<<<<

Lemma eigen_cbr a b u v : eigen a u -> eigen b v -> eigen (a * b) (cbr k u v).
Proof.
  intros [Hu Eu] [Hv Ev]; split; [apply zC_cbr; auto|].
  rewrite cphi_cbr, Eu, Ev, cbr_cscl, cbr_cscr, csc_csc, Cmult_comm; reflexivity.
Qed.

Lemma eigen_cconj a u : eigen a u -> eigen (Cconj a) (cconj k u).
Proof.
  intros [Hu Eu]; split; [apply zC_cconj; auto|].
  rewrite cphi_cconj, Eu, cconj_csc; reflexivity.
Qed.

Lemma eigen1_central c v : eigen 1 c -> zC v -> cbr k c v = czero k.
Proof.
  destruct c as [c1 c2]; intros [[Hc1 Hc2] Ec] [Hv1 Hv2]; rewrite csc_1 in Ec.
  injection Ec; intros F2 F1; simpl in *.
  apply pair_eq; simpl; rewrite !fixed_central; auto; lin_eq.
Qed.

Lemma eigen_commutes_conj lam b :
  eigen lam b -> (lam * Cconj lam)%C = 1 -> cbr k b (cconj k b) = czero k.
Proof.
  intros Eb Hlam.
  assert (Ec : eigen 1 (cconj k (cbr k b (cconj k b)))).
  { rewrite <- Cconj_1, <- Hlam; apply eigen_cconj, eigen_cbr, eigen_cconj; auto. }
  apply rho_conj_eq0; rewrite rho_br, (cbr_anti _ b), eigen1_central;
    [rewrite csc_czero, rho_czero; ring|exact Ec|apply Eb].
Qed.

Definition eigen_commute (p q : nat) : Prop :=
  forall a b, eigen (zeta ^ p) a -> eigen (zeta ^ q) b -> cbr k a b = czero k.

Lemma eigen_commute_0 q : eigen_commute 0 q.
Proof. intros a b Ea Eb; apply eigen1_central; [exact Ea|apply Eb]. Qed.

Lemma eigen_commute_sym p q : eigen_commute p q -> eigen_commute q p.
Proof. intros H a b Ea Eb; rewrite cbr_anti, H; auto; apply csc_czero. Qed.

(* [E_q, E_(p+q)] = 0 forces [E_q, E_p] = 0: for b in E_q and v in E_p,
   [b,v] lies in E_(p+q), so (ad b)^2 v = 0 and normality gives [b,v] = 0. *)
Lemma eigen_commute_add p q : eigen_commute q (p + q) -> eigen_commute q p.
Proof.
  intros H b v Eb Ev.
  apply normal_ad_kernel; [apply (eigen_commutes_conj (zeta ^ q)); auto|].
  - rewrite Cpow_conj; apply zeta_pow_unit.
  - apply H; auto.
    rewrite Nat.add_comm, Cpow_add_r; apply eigen_cbr; auto.
Qed.

Lemma eigen_commute_chain m p q : eigen_commute (p + m * q) q -> eigen_commute p q.
Proof.
  revert p; induction m as [|m IH]; intros p H.
  - rewrite Nat.add_0_r in H; exact H.
  - apply eigen_commute_sym, eigen_commute_add, eigen_commute_sym.
    apply IH; replace (p + q + m * q)%nat with (p + S m * q)%nat by lia; exact H.
Qed.

Lemma eigen_commute_period a b c : eigen_commute a b -> eigen_commute (a + n * c) b.
Proof.
  intros H u v Eu Ev; apply H; auto.
  rewrite Cpow_add_r, Cpow_mult_r, (zeta_pow_n n n_pos), Cpow_1_l, Cmult_1_r in Eu; exact Eu.
Qed.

>>>>

WHAT YOU SHOULD DO —
The lines you return should be those above that contain the word "Hlam", every one of them.

RESULT OF THE TASK —
  intros Eb Hlam.
  { rewrite <- Cconj_1, <- Hlam; apply eigen_cconj, eigen_cbr, eigen_cconj; auto. }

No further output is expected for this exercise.